The discussion then examined the importance of learning, unlearning, and relearning, with panelists highlighting “unlearning” as especially difficult yet essential for progress, particularly in confronting bias, stereotypes, and misinformation amplified by AI. The speakers also considered the blurred boundary between AI-assisted learning and AI-substituted learning, agreeing that education should move learners from prompting for answers to using AI as a tool for discussion, reflection, and deeper inquiry. Little’s example, where increased AI-driven engagement did not necessarily improve performance, prompted further reflection on the need to rethink what outcomes matter and how learning should be measured in the AI era.

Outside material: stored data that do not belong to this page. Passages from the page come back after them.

Section Pseudometric.
Context {X : Type} (dl : X -> X -> R).
Hypothesis dl_refl : forall x, dl x x = 0.
Hypothesis dl_sym : forall x y, dl x y = dl y x.
Hypothesis dl_triangle : forall x y z, dl x z <= dl x y + dl y z.

Lemma dl_nonneg x y : 0 <= dl x y.
Proof. pose proof (dl_triangle x y x). rewrite dl_refl, (dl_sym y x) in H. lra. Qed.

Lemma open_ball c r : open_in dl (fun y => dl c y < r).
Proof.
  intros y Hy. exists (r - dl c y). split; [lra|].
  intros z Hz. pose proof (dl_triangle c y z). lra.
Qed.

Definition converges_to (s : nat -> X) (c : X) : Prop :=
  forall eps, 0 < eps -> exists K, forall k, (K <= k)%nat -> dl (s k) c < eps.

(* Completeness for sequences with a geometric Cauchy rate; every Cauchy sequence has
   such a subsequence, and this is the form produced and consumed below. *)
Definition geometrically_complete : Prop :=
  forall (s : nat -> X) (C : R),
    (forall k m, dl (s k) (s (k + m)%nat) <= C * (/2)^k) -> exists c, converges_to s c.

Definition totally_bounded : Prop :=
  forall eps, 0 < eps -> exists P : list X, forall y, exists p, In p P /\ dl p y < eps.

Lemma compact_bounded : compact_metric dl -> exists D, forall x y, dl x y <= D.
Proof.
  intros Hcpt. destruct (Hcpt X (fun c y => dl c y < 1)) as [l Hl].
  - intros c. apply open_ball.
  - intros x. exists x. rewrite dl_refl. lra.
  - exists (2 + sum_list l (fun a => sum_list l (fun b => dl a b))). intros x y.
    destruct (Hl x) as [a [Ha Hxa]]. destruct (Hl y) as [b [Hb Hyb]].
    assert (dl a b <= sum_list l (fun b => dl a b))
      by (apply sum_list_le_term; [intros; apply dl_nonneg|exact Hb]).
    assert (sum_list l (fun b => dl a b) <= sum_list l (fun a => sum_list l (fun b => dl a b))).
    { apply (sum_list_le_term l (fun a => sum_list l (fun b => dl a b))); [|exact Ha].
      intros; apply sum_list_nonneg. intros; apply dl_nonneg. }
    pose proof (dl_triangle x a y). pose proof (dl_triangle a b y).
    rewrite (dl_sym a x) in Hxa. lra.
Qed.
Lemma Gamma_multiple_trans mu r mu' r' mu'' r'' :
  Gamma_multiple mu r mu' r' -> Gamma_multiple mu' r' mu'' r'' -> Gamma_multiple mu r mu'' r''.
Proof.
  intros [c1 E1] [c2 E2]; exists (Cmul c1 c2); intros x y Hy.
  rewrite E1, E2 by exact Hy; Cx_ring.
Qed.

Lemma Gamma_multiple_reflect mu r : Gamma_multiple mu (u - r) (mu - wpar u v) r.
Proof. eexists; intros x y Hy; apply Gamma_reflect, Hy. Qed.

Lemma Gamma_reduce_r mu r : (1 <= r <= u - 1)%Z -> Z.Even (mu - (r - 1)) ->
  exists mu' r', (1 <= r')%Z /\ (2 * r' <= u)%Z /\ Z.Even (mu' - (r' - 1)) /\
                 Gamma_multiple mu r mu' r'.
Proof.
  intros Hr [k Hk].
  destruct (Z_le_gt_dec (2 * r) u).
  - exists mu, r; repeat split; try lia.
    + exists k; exact Hk.
    + apply Gamma_multiple_of_eq; reflexivity.
  - exists (mu - wpar u v)%Z, (u - r)%Z; repeat split; try lia.
    + exists (k + r - v)%Z; unfold wpar; lia.
    + replace r with (u - (u - r))%Z at 1 by lia; apply Gamma_multiple_reflect.
Qed.

Lemma Gamma_reduce_mu mu r : exists mu', (0 <= mu' <= wpar u v)%Z /\ Z.Even (mu - mu') /\
  forall x y, 0 < y -> Gamma u v mu r x y = Gamma u v mu' r x y.
Proof.
  pose proof wpar_pos as Hw.
  set (w := wpar u v) in *.
  pose proof (Z.div_mod mu (2 * w) ltac:(lia)) as Hdm.
  pose proof (Z.mod_pos_bound mu (2 * w) ltac:(lia)) as Hmod.
  set (q := (mu / (2 * w))%Z) in *; set (mu0 := (mu mod (2 * w))%Z) in *.
  assert (E0 : forall x y, 0 < y -> Gamma u v mu r x y = Gamma u v mu0 r x y)
    by (intros x y Hy; rewrite Hdm, <- (Gamma_periodic x y Hy q mu0); f_equal; lia).
  destruct (Z_le_gt_dec mu0 w).
  - exists mu0; repeat split; try lia; [exists (w * q)%Z; lia | exact E0].
  - exists (- mu0 + 2 * w * 1)%Z; repeat split; try lia; [exists (w * q + mu0 - w)%Z; lia|].
    intros x y Hy; rewrite E0, Gamma_periodic, Gamma_even by exact Hy; reflexivity.
Qed.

Finally, the panel also discussed collaboration among different stakeholders including universities, platforms, industry, and international organizations. Kanwar highlighted the convening power of organizations such as UNESCO, as well as their role in shaping ethical guidelines and strengthening capacity-building. The speakers also underscored the importance of meaningful and portable credentials, including the need for stronger international recognition frameworks and trusted digital credential infrastructure.
To conclude, each speaker offered a guiding adjective for the preferred future of higher education in the AI era: “ambiguous,” “fluid / non-linear,” and “inclusive,” capturing a shared vision of education that remains human-centered while evolving to meet fast-changing global needs.